Maximilian O Press et al. Genome Res. 2016 Jun.

Abstract

Evolutionary innovation must occur in the context of some genomic background, which limits available evolutionary paths. For example, protein evolution by sequence substitution is constrained by epistasis between residues. In prokaryotes, evolutionary innovation frequently happens by macrogenomic events such as horizontal gene transfer (HGT). Previous work has suggested that HGT can be influenced by ancestral genomic content, yet the extent of such gene-level constraints has not yet been systematically characterized. Here, we evaluated the evolutionary impact of such constraints in prokaryotes, using probabilistic ancestral reconstructions from 634 extant prokaryotic genomes and a novel framework for detecting evolutionary constraints on HGT events. We identified 8228 directional dependencies between genes and demonstrated that many such dependencies reflect known functional relationships, including for example, evolutionary dependencies of the photosynthetic enzyme RuBisCO. Modeling all dependencies as a network, we adapted an approach from graph theory to establish chronological precedence in the acquisition of different genomic functions.
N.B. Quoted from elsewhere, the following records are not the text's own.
(* In the setting described in the context, let $$X=W^{1/2}R^T\big(RWR^TL_{e,s}^\tau RWR^T\big)^{-1}RW^{1/2},\qquad Y=W^{1/2}R^T\big(RWR^T\big)^{-1}RW^{1/2}.$$ Then $\lambda_{\max}(X+Y)=\lambda_{\max}(X)+\lambda_{\max}(Y)$.
   Context: Let $\mathcal G$ be an undirected, connected graph without self-loops, with node set $\{1,\dots,n\}$ ($n\ge2$) and edge set $\mathcal E$, $m=|\mathcal E|$. Give each edge an arbitrary orientation; the incidence matrix $D\in\mathbb R^{n\times m}$ has $D_{il}=1$ if node $i$ is the initial node of edge $l$, $-1$ if it is the terminal node, and $0$ otherwise. Fix a spanning tree $\mathcal G_\tau$ and order the edges so the first $n-1$ are tree edges; write $D=[D_\tau\ D_c]$ with $D_\tau\in\mathbb R^{n\times(n-1)}$. Set $T_\tau^c=(D_\tau^TD_\tau)^{-1}D_\tau^TD_c$ and $R=[I_{n-1}\ T_\tau^c]\in\mathbb R^{(n-1)\times m}$. Let $W=\mathrm{diag}(w_1,\dots,w_m)$, $w_l>0$, and $E=\mathrm{diag}(\epsilon_1,\dots,\epsilon_n)$, $\epsilon_i>0$; $W^{1/2}$ is taken entrywise. Define $L_{e,s}^\tau=D_\tau^TE^{-1}D_\tau$. $\lambda_{\max}$ denotes the largest eigenvalue of a symmetric matrix. *)

From HB Require Import structures.
From mathcomp Require Import all_boot all_order all_algebra.
From mathcomp Require Import boolp classical_sets reals.
Set Implicit Arguments. Unset Strict Implicit. Unset Printing Implicit Defensive.
Import Order.TTheory GRing.Theory Num.Theory.
Local Open Scope ring_scope.

(* Graph data: nodes 'I_(k.+1) (n = k+1), edges 'I_(k + c) (m = k + c);
   edge l is oriented from [src l] (initial node) to [dst l] (terminal node).
   The first k = n-1 edges (lshift c l, l : 'I_k) are the spanning tree edges. *)

Definition no_self_loops n m (src dst : 'I_m -> 'I_n) : Prop :=
  forall l, src l != dst l.

Definition no_parallel_edges n m (src dst : 'I_m -> 'I_n) : Prop :=
  forall l l', l != l' ->
    ~~ (((src l == src l') && (dst l == dst l')) ||
        ((src l == dst l') && (dst l == src l'))).

Definition tree_adj k c (src dst : 'I_(k + c) -> 'I_k.+1) : rel 'I_k.+1 :=
  fun i j => [exists l : 'I_k,
     ((src (lshift c l) == i) && (dst (lshift c l) == j)) ||
     ((src (lshift c l) == j) && (dst (lshift c l) == i))].

(* the first k = n-1 edges form a spanning tree: they connect all n nodes
   (a connected graph on n nodes with n-1 edges is a tree) *)
Definition first_edges_spanning_tree k c (src dst : 'I_(k + c) -> 'I_k.+1) : Prop :=
  forall i j : 'I_k.+1, connect (tree_adj src dst) i j.

Definition incidence (R : nzRingType) n m (src dst : 'I_m -> 'I_n) : 'M[R]_(n, m) :=
  \matrix_(i, l) ((i == src l)%:R - (i == dst l)%:R).

Section Mats.
Variable R : realType.
Variables k c : nat.
Variables (src dst : 'I_(k + c) -> 'I_k.+1).

Definition Dmat : 'M[R]_(k.+1, k + c) := incidence R src dst.
Definition Dtau : 'M[R]_(k.+1, k) := lsubmx Dmat.
Definition Dc : 'M[R]_(k.+1, c) := rsubmx Dmat.
Definition Ttauc : 'M[R]_(k, c) :=
  invmx (Dtau^T *m Dtau) *m Dtau^T *m Dc.
Definition Rmat : 'M[R]_(k, k + c) := row_mx 1%:M Ttauc.

Definition Les (eps : 'rV[R]_k.+1) : 'M[R]_k :=
  Dtau^T *m invmx (diag_mx eps) *m Dtau.

Definition Whalf (w : 'rV[R]_(k + c)) : 'M[R]_(k + c) :=
  diag_mx (map_mx Num.sqrt w).

Definition Xmat (w : 'rV[R]_(k + c)) (eps : 'rV[R]_k.+1) : 'M[R]_(k + c) :=
  let W := diag_mx w in
  let M := Rmat *m W *m Rmat^T in
  Whalf w *m Rmat^T *m invmx (M *m Les eps *m M) *m Rmat *m Whalf w.

Definition Ymat (w : 'rV[R]_(k + c)) : 'M[R]_(k + c) :=
  let W := diag_mx w in
  Whalf w *m Rmat^T *m invmx (Rmat *m W *m Rmat^T) *m Rmat *m Whalf w.
End Mats.

(* largest eigenvalue: the supremum of the (finite, nonempty for symmetric
   real matrices) set of real eigenvalues *)
Definition lambda_max (R : realType) p (A : 'M[R]_p) : R :=
  sup [set a : R | eigenvalue A a].

From HB Require Import structures.
From mathcomp Require Import all_boot all_order all_algebra.
From mathcomp Require Import boolp classical_sets reals.
From mathcomp Require Import complex polyrcf.
Set Implicit Arguments. Unset Strict Implicit. Unset Printing Implicit Defensive.
Import Order.TTheory GRing.Theory Num.Theory.
Local Open Scope ring_scope.

(* Put C := R W^{1/2}; it has full row rank because R = [I T^c_tau].  Then
   Y = C^T (C C^T)^{-1} C is an idempotent that fixes the row space of C, and
   X = C^T N C is symmetric positive semidefinite with X Y = X.  Every
   eigenvector of X or of X + Y for a nonzero eigenvalue lies in the fixed
   space of Y, on which X + Y acts as X + 1.  Hence, if T is the set of
   eigenvalues of X on that (nonzero) space, lambda_max X = sup T,
   lambda_max (X + Y) = sup T + 1 and lambda_max Y = 1; the eigenvalue 0 of
   X and of X + Y does not affect the suprema because T contains a
   nonnegative number. *)

Section PsdMatrices.
Variable R : realFieldType.

Definition psdmx n (A : 'M[R]_n) := forall v : 'rV_n, 0 <= (v *m A *m v^T) 0 0.

Lemma mulmx_tr_ge0 n (v : 'rV[R]_n) : 0 <= (v *m v^T) 0 0.
Proof. by rewrite mxE; apply: sumr_ge0 => j _; rewrite mxE -expr2 sqr_ge0. Qed.

Lemma mulmx_tr_eq0 n (v : 'rV[R]_n) : ((v *m v^T) 0 0 == 0) = (v == 0).
Proof.
apply/idP/eqP => [|->]; last by rewrite mul0mx mxE.
rewrite mxE psumr_eq0 => [/allP v0|j _]; last by rewrite mxE -expr2 sqr_ge0.
apply/rowP => j; have /implyP := v0 j (mem_index_enum j).
by rewrite mxE -expr2 sqrf_eq0 mxE => /(_ isT)/eqP.
Qed.

Lemma psdmx_congr n p (A : 'M[R]_n) (B : 'M_(p, n)) :
  psdmx A -> psdmx (B *m A *m B^T).
Proof. by move=> A_psd v; have := A_psd (v *m B); rewrite trmx_mul !mulmxA. Qed.

Lemma psdmx_inv n (A : 'M[R]_n) : A^T = A -> psdmx A -> psdmx (invmx A).
Proof.
move=> A_sym A_psd; have [A_unit|] := boolP (A \in unitmx); last first.
  by move/invmx_out->.
have := psdmx_congr (invmx A) A_psd.
by rewrite trmx_inv A_sym mulVmx // mul1mx.
Qed.

Lemma psdmx_diag n (d : 'rV[R]_n) : (forall i, 0 <= d 0 i) -> psdmx (diag_mx d).
Proof.
move=> d_ge0 v; rewrite mul_mx_diag mxE; apply: sumr_ge0 => j _.
by rewrite !mxE mulrAC -expr2 mulr_ge0 ?sqr_ge0.
Qed.

Lemma psdmx_eigenvalue_ge0 n (A : 'M[R]_n) a : psdmx A -> eigenvalue A a -> 0 <= a.
Proof.
move=> A_psd /eigenvalueP[v vA v_neq0]; have := A_psd v.
rewrite vA -scalemxAl mxE pmulr_lge0 // lt_def mulmx_tr_eq0 v_neq0.
exact: mulmx_tr_ge0.
Qed.

End PsdMatrices.

Section RowProjector.
Variables (R : realFieldType) (m n : nat) (C : 'M[R]_(m, n)).

Definition row_proj := C^T *m invmx (C *m C^T) *m C.

Hypothesis C_free : row_free C.

Lemma gram_unitmx : C *m C^T \in unitmx.
Proof.
rewrite -row_free_unit; apply: inj_row_free => u uG0.
apply/eqP; rewrite -(mulmx_free_eq0 _ C_free) -mulmx_tr_eq0.
by rewrite trmx_mul mulmxA -(mulmxA u) uG0 mul0mx mxE.
Qed.

Lemma mulmx_row_proj : C *m row_proj = C.
Proof. by rewrite /row_proj !mulmxA mulmxV ?gram_unitmx ?mul1mx. Qed.

Lemma row_proj_idem : row_proj *m row_proj = row_proj.
Proof. by rewrite {1}/row_proj -!mulmxA mulmx_row_proj !mulmxA. Qed.

Lemma row_proj_fixed : (0 < m)%N -> exists2 v : 'rV_n, v != 0 & v *m row_proj = v.
Proof.
move=> m_gt0; exists (const_mx 1 *m C); last by rewrite -mulmxA mulmx_row_proj.
rewrite (mulmx_free_eq0 _ C_free); apply/eqP => /matrixP/(_ 0 (Ordinal m_gt0)).
by rewrite !mxE; apply/eqP; exact: oner_neq0.
Qed.

End RowProjector.

Local Open Scope classical_set_scope.

Lemma eigenvalue_ubound (R : realFieldType) n (A : 'M[R]_n) :
  has_ubound [set a : R | eigenvalue A a].
Proof.
have charA_neq0 : char_poly A != 0 by apply/monic_neq0/char_poly_monic.
exists (cauchy_bound (char_poly A)) => a /=.
rewrite eigenvalue_root_char => /eqP/(cauchy_boundP charA_neq0)/ltW.
exact: le_trans (ler_norm a).
Qed.

Lemma eigenvalue_idem (F : fieldType) n (P : 'M[F]_n) a :
  P *m P = P -> eigenvalue P a -> a = 0 \/ a = 1.
Proof.
move=> PP /eigenvalueP[v vP v_neq0].
have : (a * a) *: v = a *: v by rewrite -scalerA -vP scalemxAl -vP -mulmxA PP.
move/eqP; rewrite -subr_eq0 -scalerBl scaler_eq0 (negbTE v_neq0) orbF.
by rewrite -{3}[a]mulr1 -mulrBr mulf_eq0 subr_eq0 => /orP[]/eqP; [left|right].
Qed.

Lemma eigenvalue_diag_conj (F : fieldType) n (U : 'M[F]_n) (d : 'rV_n) i :
  U \in unitmx -> eigenvalue (invmx U *m diag_mx d *m U) (d 0 i).
Proof.
move=> U_unit; apply/eigenvalueP; exists (delta_mx 0 i *m U).
  by rewrite !mulmxA mulmxK // -rowE row_diag_mx scalemxAl.
rewrite mulmx_free_eq0 ?row_free_unit //; apply/eqP => /matrixP/(_ 0 i).
by rewrite !mxE !eqxx; apply/eqP; exact: oner_neq0.
Qed.

Lemma sym_eigenvalue_neq0 (R : rcfType) n (A : 'M[R]_n) :
  A^T = A -> A != 0 -> exists2 a, a != 0 & eigenvalue A a.
Proof.
move=> A_sym A_neq0; pose AC := map_mx (real_complex R) A.
have AC_herm : AC \is hermsymmx.
  apply: realsym_hermsym.
    by apply/is_hermitianmxP; rewrite expr0 scale1r map_mx_id // /AC map_trmx A_sym.
  by apply/mxOverP => i j; rewrite mxE; apply/complex_realP; exists (A i j).
have /hermitian_normalmx/orthomx_spectralP AC_diag := AC_herm.
have /mxOverP d_real := hermitian_spectral_diag_real AC_herm.
set d := spectral_diag AC in AC_diag d_real.
have [i di_neq0] : exists i, d 0 i != 0.
  apply/existsP; apply: contraNT A_neq0; rewrite negb_exists => /forallP d0.
  have d_eq0 : d = 0.
    by apply/rowP => j; rewrite mxE; apply/eqP; rewrite -[_ == _]negbK d0.
  by rewrite -(map_mx_eq0 (real_complex R)) -/AC AC_diag d_eq0 linear0 mulmx0 mul0mx.
have Re_di := RRe_real (d_real 0 i).
exists (complex.Re (d 0 i)); first by apply: contraNneq di_neq0; rewrite -Re_di => ->.
rewrite -(eigenvalue_map (real_complex R)) /= Re_di -/AC AC_diag.
exact/eigenvalue_diag_conj/spectral_unit.
Qed.

Lemma sup_eq_down (R : realType) (A B : set R) :
  A `<=` down B -> B `<=` down A -> sup A = sup B.
Proof.
move=> AB BA; rewrite -sup_down -[RHS]sup_down; congr sup.
apply/seteqP; split => x /downP[y + xy] => [/AB|/BA] /downP[z zB yz].
  by apply/downP; exists z; last exact: le_trans xy yz.
by apply/downP; exists z; last exact: le_trans xy yz.
Qed.

Lemma lambda_max_idem (R : realType) n (P : 'M[R]_n) :
  P *m P = P -> (exists2 v : 'rV_n, v != 0 & v *m P = v) -> lambda_max P = 1.
Proof.
move=> PP [v v_neq0 vP]; rewrite -[RHS]sup1; apply: sup_eq_down => a.
  move=> /(eigenvalue_idem PP) a01; apply/downP; exists 1 => //.
  by case: a01 => ->; rewrite ?ler01.
by move=> ->; apply/le_down/eigenvalueP; exists v; rewrite ?scale1r.
Qed.

Section FixedSpaceEigenvalues.
Variables (R : realType) (n : nat) (X P : 'M[R]_n).
Hypotheses (X_sym : X^T = X) (X_psd : psdmx X).
Hypotheses (PP : P *m P = P) (XP : X *m P = X).
Hypothesis P_fixed : exists2 v : 'rV_n, v != 0 & v *m P = v.

Let fix_eig := [set a : R | exists2 v : 'rV_n, v != 0 & v *m P = v /\ v *m X = a *: v].

Let fix_eig_eigenvalue a : fix_eig a -> eigenvalue X a.
Proof. by move=> [v v_neq0 [_ vX]]; apply/eigenvalueP; exists v. Qed.

Let fix_eig_eigenvalue_addP a : fix_eig a -> eigenvalue (X + P) (a + 1).
Proof.
move=> [v v_neq0 [vP vX]]; apply/eigenvalueP; exists v => //.
by rewrite mulmxDr vP vX scalerDl scale1r.
Qed.

Let eigenvalue_fix_eig a : a != 0 -> eigenvalue X a -> fix_eig a.
Proof.
move=> a_neq0 /eigenvalueP[v vX v_neq0]; exists v => //; split => //.
by apply: (scalerI a_neq0); rewrite scalemxAl -vX -mulmxA XP.
Qed.

Let eigenvalue_addP_fix_eig a : a != 0 -> eigenvalue (X + P) a -> fix_eig (a - 1).
Proof.
move=> a_neq0 /eigenvalueP[v vXP v_neq0].
have vP : v *m P = v.
  by apply: (scalerI a_neq0); rewrite scalemxAl -vXP -mulmxA mulmxDl XP PP.
exists v => //; split => //.
by rewrite scalerBl scale1r -vXP mulmxDr vP addrK.
Qed.

Let fix_eig_nonneg : exists2 t, fix_eig t & 0 <= t.
Proof.
have [X0|X_neq0] := eqVneq X 0.
  have [v v_neq0 vP] := P_fixed; exists 0 => //; exists v => //.
  by rewrite X0 mulmx0 scale0r.
have [a a_neq0 Xa] := sym_eigenvalue_neq0 X_sym X_neq0.
by exists a; [exact: eigenvalue_fix_eig | exact: psdmx_eigenvalue_ge0 Xa].
Qed.

Let has_sup_fix_eig : has_sup fix_eig.
Proof.
have [t Tt _] := fix_eig_nonneg; split; first by exists t.
have [b b_ub] := eigenvalue_ubound X.
by exists b => a /fix_eig_eigenvalue; exact: b_ub.
Qed.

Let lambda_max_fix_eig : lambda_max X = sup fix_eig.
Proof.
have [t Tt t_ge0] := fix_eig_nonneg.
apply: sup_eq_down => a; last by move=> Ta; apply: le_down; exact: fix_eig_eigenvalue.
move=> /= Xa; apply/downP; have [a0|a_neq0] := eqVneq a 0; first by exists t; rewrite ?a0.
by exists a => //; exact: eigenvalue_fix_eig.
Qed.

Let lambda_max_addP_fix_eig : lambda_max (X + P) = sup fix_eig + 1.
Proof.
have [t Tt t_ge0] := fix_eig_nonneg.
have has_sup1 : has_sup [set (1 : R)] by split; exists 1 => // x ->.
rewrite -[1 in RHS]sup1 -sup_sumE //; apply: sup_eq_down => a.
  move=> /= XPa; apply/downP; have [a0|a_neq0] := eqVneq a 0.
    exists (t + 1); first by exists t => //; exists 1.
    by rewrite a0 addr_ge0.
  exists a => //; exists (a - 1); first exact: eigenvalue_addP_fix_eig.
  by exists 1 => //; rewrite subrK.
by move=> [b Tb [_ -> <-]]; apply: le_down; exact: fix_eig_eigenvalue_addP.
Qed.

Lemma lambda_max_add_idem : lambda_max (X + P) = lambda_max X + lambda_max P.
Proof. by rewrite lambda_max_addP_fix_eig lambda_max_fix_eig lambda_max_idem. Qed.

End FixedSpaceEigenvalues.

Section IncidenceGram.
Variables (R : realType) (k c : nat) (src dst : 'I_(k + c) -> 'I_k.+1).
Variables (w : 'rV[R]_(k + c)) (eps : 'rV[R]_k.+1).
Hypotheses (w_gt0 : forall l, 0 < w 0 l) (eps_gt0 : forall i, 0 < eps 0 i).

Lemma Les_sym : (Les src dst eps)^T = Les src dst eps.
Proof. by rewrite /Les !trmx_mul trmxK trmx_inv tr_diag_mx !mulmxA. Qed.

Lemma Les_psd : psdmx (Les src dst eps).
Proof.
have E_psd : psdmx (diag_mx eps) by apply: psdmx_diag => i; exact: ltW.
have := psdmx_congr (Dtau R src dst)^T (psdmx_inv (tr_diag_mx eps) E_psd).
by rewrite trmxK.
Qed.

Lemma Rmat_free : row_free (Rmat R src dst).
Proof.
apply: inj_row_free => u; rewrite mul_mx_row mulmx1 -row_mx0.
by case/eq_row_mx.
Qed.

Lemma Whalf_unit : Whalf w \in unitmx.
Proof.
rewrite unitmxE det_diag unitfE; apply/prodf_neq0 => l _.
by rewrite mxE sqrtr_eq0 -ltNge.
Qed.

Lemma Whalf_sqr : Whalf w *m Whalf w = diag_mx w.
Proof.
rewrite mulmx_diag; congr diag_mx; apply/rowP => l.
by rewrite !mxE -expr2 sqr_sqrtr // ltW.
Qed.

Let C := Rmat R src dst *m Whalf w.

Lemma Rmat_Whalf_free : row_free C.
Proof.
by rewrite /row_free mxrankMfree ?row_free_unit ?Whalf_unit //; exact: Rmat_free.
Qed.

Lemma Rmat_Whalf_gram :
  C *m C^T = Rmat R src dst *m diag_mx w *m (Rmat R src dst)^T.
Proof.
by rewrite /C trmx_mul tr_diag_mx !mulmxA -(mulmxA _ _ (Whalf w)) Whalf_sqr.
Qed.

Lemma Xmat_gram :
  Xmat src dst w eps = C^T *m invmx (C *m C^T *m Les src dst eps *m (C *m C^T)) *m C.
Proof. by rewrite /Xmat /= -Rmat_Whalf_gram trmx_mul tr_diag_mx !mulmxA. Qed.

Lemma Ymat_row_proj : Ymat src dst w = row_proj C.
Proof. by rewrite /Ymat /row_proj /= -Rmat_Whalf_gram trmx_mul tr_diag_mx !mulmxA. Qed.

End IncidenceGram.

Theorem lemma7 (R : realType) (k c : nat)
  (src dst : 'I_(k + c) -> 'I_k.+1)
  (w : 'rV[R]_(k + c)) (eps : 'rV[R]_k.+1) :
  (0 < k)%N ->
  no_self_loops src dst ->
  no_parallel_edges src dst ->
  first_edges_spanning_tree src dst ->
  (forall l, 0 < w 0 l) ->
  (forall i, 0 < eps 0 i) ->
  lambda_max (Xmat src dst w eps + Ymat src dst w) =
  lambda_max (Xmat src dst w eps) + lambda_max (Ymat src dst w).
Proof.
move=> k_gt0 _ _ _ w_gt0 eps_gt0.
rewrite Xmat_gram // Ymat_row_proj //.
have C_free := Rmat_Whalf_free src dst w_gt0.
set C := _ *m Whalf w in C_free *; set G := C *m C^T; set L := Les src dst eps.
have G_sym : G^T = G by rewrite trmx_mul trmxK.
have GLG_sym : (G *m L *m G)^T = G *m L *m G.
  by rewrite trmx_mul (trmx_mul G) G_sym Les_sym mulmxA.
have N_psd : psdmx (invmx (G *m L *m G)).
  apply: psdmx_inv GLG_sym _.
  by have := psdmx_congr G (Les_psd src dst eps_gt0); rewrite G_sym.
apply: lambda_max_add_idem.
- by rewrite trmx_mul (trmx_mul C^T) trmxK trmx_inv GLG_sym mulmxA.
- by have := psdmx_congr C^T N_psd; rewrite trmxK.
- exact: row_proj_idem.
- by rewrite -mulmxA mulmx_row_proj.
- exact: row_proj_fixed.
Qed.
Specifically, we demonstrated that specific functions tend to be gained sequentially, suggesting that evolution in prokaryotes is governed by functional assembly patterns. Finally, we showed that these dependencies are universal rather than clade-specific and are often sufficient for predicting whether or not a given ancestral genome will acquire specific genes. Combined, our results indicate that evolutionary innovation via HGT is profoundly constrained by epistasis and historical contingency, similar to the evolution of proteins and phenotypic characters, and suggest that the emergence of specific metabolic and pathological phenotypes in prokaryotes can be predictable from current genomes.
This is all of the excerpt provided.